━━━ Records supplied ━━━

(* An outcome of (U_1^{(n)}, ..., U_m^{(n)}): u : {ffun 'I_m -> 'I_n}, with
   U_{k+1} = (u k).+1 in {1,...,n}.  The joint law of m independent uniform
   variables on {1..n} is the uniform law on this finite product space. *)
Definition Uval (n m : nat) (u : {ffun 'I_m -> 'I_n}) (k : 'I_m) : nat :=
  (u k).+1.

Definition Ssum (R : realType) (n m : nat) (u : {ffun 'I_m -> 'I_n}) : R :=
  \sum_(p < m.+1 | prime p)
     ln (p%:R : R) *
     (if (1 <= \max_(k < m) lambda p (Uval u k))%N then 1 else 0).

Definition Expect (R : realType) (n m : nat) (f : {ffun 'I_m -> 'I_n} -> R) : R :=
  (\sum_(u : {ffun 'I_m -> 'I_n}) f u) / (#|{ffun 'I_m -> 'I_n}|)%:R.

Definition VarS (R : realType) (n m : nat) : R :=
  @Expect R n m (fun u => (@Ssum R n m u - @Expect R n m (@Ssum R n m)) ^+ 2).

From HB Require Import structures.
From mathcomp Require Import all_boot all_order all_algebra.
From mathcomp Require Import all_classical all_reals all_analysis.
From mathcomp Require Import zify ring lra.
Import Order.TTheory GRing.Theory Num.Theory.
Set Implicit Arguments. Unset Strict Implicit. Unset Printing Implicit Defensive.

(* Write S = \sum_(p <= m) log p * (1 - Y_p) with Y_p = \prod_k 1{p does not divide U_k},
   so that Var S = \sum_(p, q) log p * log q * Cov(Y_p, Y_q).  By independence, E[Y_p Y_q]
   and E[Y_p] E[Y_q] are the m-th powers of the density in [1, n] of the integers divisible
   by neither p nor q, and of the product of the two separate densities.  Inclusion-exclusion
   with floors shows that these differ by at most (1/p + 1/q)/n when p <> q, hence
   Cov(Y_p, Y_q) <= m (1/p + 1/q)/n, while Cov(Y_p, Y_p) <= 1.  Therefore
     Var S <= \sum_(p <= m) log^2 p + 2 (m/n) theta(m) \sum_(p <= m) log p / p,
   where theta(m) = \sum_(p <= m) log p <= m log 8 (Chebyshev, from primorial n <= 8^n via
   the middle binomial coefficient) and \sum_(p <= m) log p / p <= log m + log 8 (Mertens,
   from Legendre's formula); this is O(m log m) as soon as m <= n. *)

Local Open Scope nat_scope.

Lemma dvdn_prod_pfactor (r : seq nat) (e : nat -> nat) N :
  uniq r -> all prime r -> {in r, forall p, p ^ e p %| N} ->
  \prod_(p <- r) p ^ e p %| N.
Proof.
elim: r => [|p r IH] /=; first by rewrite big_nil dvd1n.
case/andP=> p_r r_uniq /andP[p_pr r_pr] dvdN.
rewrite big_cons Gauss_dvd ?dvdN ?mem_head ?IH // => [q r_q|].
  by rewrite dvdN // inE r_q orbT.
apply: coprimeXl; rewrite big_seq; apply: (big_ind (coprime p)) => [|x y|q r_q].
- exact: coprimen1.
- by move=> cpx cpy; rewrite coprimeMr cpx.
- have q_pr : prime q := allP r_pr q r_q.
  rewrite coprimeXr // prime_coprime // dvdn_prime2 //.
  by apply: contraNneq p_r => ->.
Qed.

Lemma pfactor_div_dvd_fact p m : prime p -> p ^ (m %/ p) %| m`!.
Proof.
move=> p_pr; elim: m => [|m IH]; first by rewrite div0n.
rewrite divnS ?prime_gt0 // factS.
have [p_dvd|_] := boolP (p %| m.+1); first by rewrite add1n expnS dvdn_mul.
by rewrite add0n dvdn_mull.
Qed.

Lemma fact_leq_expn m : m`! <= m ^ m.
Proof.
elim: m => // m IH; rewrite factS expnS leq_mul2l /=.
by apply: leq_trans IH _; case: m => // m; rewrite leq_exp2r.
Qed.

Lemma prod_pfactor_div_leq m :
  \prod_(0 <= p < m.+1 | prime p) p ^ (m %/ p) <= m ^ m.
Proof.
apply: leq_trans (fact_leq_expn m); apply: dvdn_leq (fact_gt0 m) _.
rewrite -big_filter; apply: dvdn_prod_pfactor.
- by rewrite filter_uniq ?iota_uniq.
- exact: filter_all.
- by move=> p; rewrite mem_filter => /andP[/pfactor_div_dvd_fact].
Qed.

Definition primorial n := \prod_(0 <= p < n.+1 | prime p) p.

Lemma leq_bin_exp2 n k : 'C(n, k) <= 2 ^ n.
Proof.
elim: n k => [|n IH] [|k] //; first by rewrite bin0 expn_gt0.
by rewrite binS expnS mul2n -addnn leq_add.
Qed.

Lemma coprime_fact p a : prime p -> a < p -> coprime p a`!.
Proof.
move=> p_pr; elim: a => [|a IH] ltap; first exact: coprimen1.
rewrite factS coprimeMr IH ?(ltnW ltap) // andbT prime_coprime //.
by apply/negP => /(dvdn_leq (ltn0Sn _)); rewrite leqNgt ltap.
Qed.

Lemma prime_dvd_bin_mid k p :
  prime p -> k.+1 < p <= k.*2.+1 -> p %| 'C(k.*2.+1, k).
Proof.
move=> p_pr /andP[ltkp lep2k].
have: p %| (k.*2.+1)`! by rewrite dvdn_fact // prime_gt0.
rewrite -(bin_fact (_ : k <= k.*2.+1)); last by lia.
by rewrite Gauss_dvdl // coprimeMr !coprime_fact //; lia.
Qed.

Lemma primorial_odd k : primorial k.*2.+1 <= primorial k.+1 * 'C(k.*2.+1, k).
Proof.
rewrite /primorial (@big_cat_nat _ _ _ k.+2) //=; last by lia.
apply: leq_mul => //; apply: dvdn_leq; first by rewrite bin_gt0; lia.
rewrite -big_filter; apply: (@dvdn_prod_pfactor _ (fun=> 1)).
- by rewrite filter_uniq ?iota_uniq.
- exact: filter_all.
- move=> p; rewrite mem_filter mem_index_iota => /andP[p_pr range_p].
  by rewrite expn1 prime_dvd_bin_mid.
Qed.

Lemma primorial_even k : primorial k.+2.*2 = primorial k.+1.*2.+1.
Proof.
rewrite /primorial !doubleS big_mkcond big_nat_recr //= -big_mkcond ifN ?muln1 //.
by apply/negP => /prime_oddPn; rewrite /= odd_double => /(_ isT).
Qed.

Lemma primorial_leq n : primorial n <= 8 ^ n.
Proof.
elim/ltn_ind: n => n IH; rewrite -(odd_double_half n) in IH *.
move: (odd n) n./2 IH => [] [|k] IH; try by rewrite /primorial unlock.
- rewrite add1n; apply: leq_trans (primorial_odd _) _.
  apply: leq_trans (leq_mul (IH _ _) (leq_bin_exp2 _ _)) _; first by lia.
  by rewrite (_ : 8 = 2 ^ 3) // -!expnM -expnD leq_pexp2l //; lia.
- case: k IH => [|k] IH; first by rewrite /primorial unlock.
  rewrite add0n primorial_even.
  apply: leq_trans (IH _ _) _; first by lia.
  by rewrite leq_pexp2l // !doubleS.
Qed.

Local Open Scope ring_scope.

Section Expectation.
Variables (R : realType) (n m : nat).
Local Notation outcome := {ffun 'I_m -> 'I_n}.
Implicit Types f g : outcome -> R.

Definition Var f : R := Expect (fun u => (f u - Expect f) ^+ 2).

Definition Cov f g : R := Expect (fun u => (f u - Expect f) * (g u - Expect g)).

Lemma eq_Expect f g : f =1 g -> Expect f = Expect g.
Proof. by move=> efg; rewrite /Expect; under eq_bigr do rewrite efg. Qed.

Lemma eq_Var f g : f =1 g -> Var f = Var g.
Proof. by move=> efg; rewrite /Var (eq_Expect efg); apply: eq_Expect => u; rewrite efg. Qed.

Lemma ExpectD f g : Expect (fun u => f u + g u) = Expect f + Expect g.
Proof. by rewrite /Expect big_split mulrDl. Qed.

Lemma ExpectZ c f : Expect (fun u => c * f u) = c * Expect f.
Proof. by rewrite /Expect -mulr_sumr mulrA. Qed.

Lemma Expect_sum (I : Type) (r : seq I) (P : pred I) (F : I -> outcome -> R) :
  Expect (fun u => \sum_(i <- r | P i) F i u) = \sum_(i <- r | P i) Expect (F i).
Proof. by rewrite /Expect exchange_big mulr_suml. Qed.

Lemma Expect_cst c : (0 < n)%N -> @Expect R n m (fun=> c) = c.
Proof.
move=> n_gt0; rewrite /Expect sumr_const -[c *+ _]mulr_natr mulfK // pnatr_eq0.
by rewrite -lt0n card_ffun !card_ord expn_gt0 n_gt0.
Qed.

Lemma Expect_prod (h : 'I_n -> R) :
  Expect (fun u => \prod_(k < m) h (u k)) = ((\sum_i h i) / n%:R) ^+ m.
Proof.
rewrite /Expect -(bigA_distr_bigA (fun=> h)) /= prodr_const.
by rewrite card_ffun !card_ord natrX expr_div_n.
Qed.
Lemma ptheory_extension (G : ptheory) p q : ~ G (Imp p q) ->
  exists2 D : ptheory, (forall a, G a -> D a) & D p /\ ~ D q.
Proof. by move=> nG; apply: prime_extension => /ptheory_der. Qed.

Definition next_theory (G : form -> Prop) := fun a => G (Next a).

Lemma next_prime_theory (G : ptheory) : prime_theory (next_theory G).
Proof.
split=> [a|h|a b /(ptheory_imp (ax_nextOr a b))/ptheory_or //].
- elim=> [x //|x px|x y _ IH1 _ IH2]; first exact/ptheory_thm/r_nec.
  exact: ptheory_mp (ptheory_imp (ax_nextK x y) IH1) IH2.
- exact: ptheory_bot (ptheory_mp (ptheory_thm _ ax_nextBot) h).
Qed.

Definition next_ptheory (G : ptheory) := PTheory (next_prime_theory G).

Definition canonical_frame : lframe :=
  @LFrame ptheory (fun G H => forall a, G a -> H a)
    (fun G H => forall a, G (Next a) <-> H a)
    (fun G a => ~ G a) (fun G a => G a).

Lemma ptheory_is_type (G : ptheory) : is_type (fun _ => True) (fun a => ~ G a) G.
Proof.
split=> //; split=> //; split; first by move=> a [].
split; first by move=> a _; case: (classic (G a)); [right|left].
split; first exact: ptheory_bot.
split; first by move=> a b _; apply: ptheory_and.
split; first by move=> a b _; apply: ptheory_or.
split=> [a b h|a nd /(ptheory_imp (prov_dia_intro a)) //].
by case: (classic (G a)) => [/(ptheory_mp h)|]; [right|left].
Qed.
Lemma tent_defect_col_mid i : (1 <= i <= n - 2)%N -> M *m ind i i.+1 = 0.
Proof.
elim: i => [//|[_ _|i IH lti]].
  have -> : ind 1 2 = A *m ind 0 1 - ind 0 1 by rewrite tent_col0; entrywise.
  by rewrite mulmxBr tent_defect_mulA tent_defect_col0 mulmx0 subr0.
rewrite -tent_col_shift; last lia.
by rewrite tent_defect_mulA IH ?mulmx0 //; lia.
Qed.

Lemma tent_defect_col_n : M *m ind n n.+1 = 0.
Proof.
have -> : ind n n.+1 = A *m ind (n - 2) (n - 1) - ind (n - 1) n - ind n.+1 n.+2.
  by rewrite tent_col_nm2; entrywise.
have M_nm2 : M *m ind (n - 2) (n - 1) = 0.
  by rewrite (_ : n - 1 = (n - 2).+1)%N ?tent_defect_col_mid //; lia.
rewrite !mulmxBr tent_defect_mulA M_nm2 tent_defect_colnm1 tent_defect_colnS.
by rewrite mulmx0 !subr0.
Qed.

Lemma tent_defect_cols_left j : (j <= n.+1)%N -> M *m ind j j.+1 = 0.
Proof.
move=> lejn; have [->|j_gt0] := posnP j; first exact: tent_defect_col0.
have [lejn2|ltjn2] := leqP j (n - 2)%N; first by apply: tent_defect_col_mid; lia.
have [->|?] := eqVneq j (n - 1)%N.
  by rewrite (_ : (n - 1).+1 = n)%N; [exact: tent_defect_colnm1 | lia].
have [->|?] := eqVneq j n; first exact: tent_defect_col_n.
by rewrite (_ : j = n.+1); [exact: tent_defect_colnS | lia].
Qed.

Lemma tent_defect_cols_large j : (j < N)%N -> M *m ind j j.+1 = 0.
Proof.
move=> ltjN; have [|ltnj] := leqP j n.+1; first exact: tent_defect_cols_left.
have := tent_defect_col_mirror (@tent_defect_cols_left (N - j.+1)%N (ltac:(lia))).
rewrite (_ : N - (N - j.+1).+1 = j)%N; last lia.
by rewrite (_ : N - (N - j.+1) = j.+1)%N; last lia.
Qed.

End LargePeriod.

━━━

▶ Instructions to follow:
Give back exactly the lines beginning at the one with "rewrite (_ : N - (N - j.+1).+1" and ending at the final line of the material; both boundary lines belong in it.

▶ Solution to this task:
rewrite (_ : N - (N - j.+1).+1 = j)%N; last lia.
by rewrite (_ : N - (N - j.+1) = j.+1)%N; last lia.
Qed.

End LargePeriod.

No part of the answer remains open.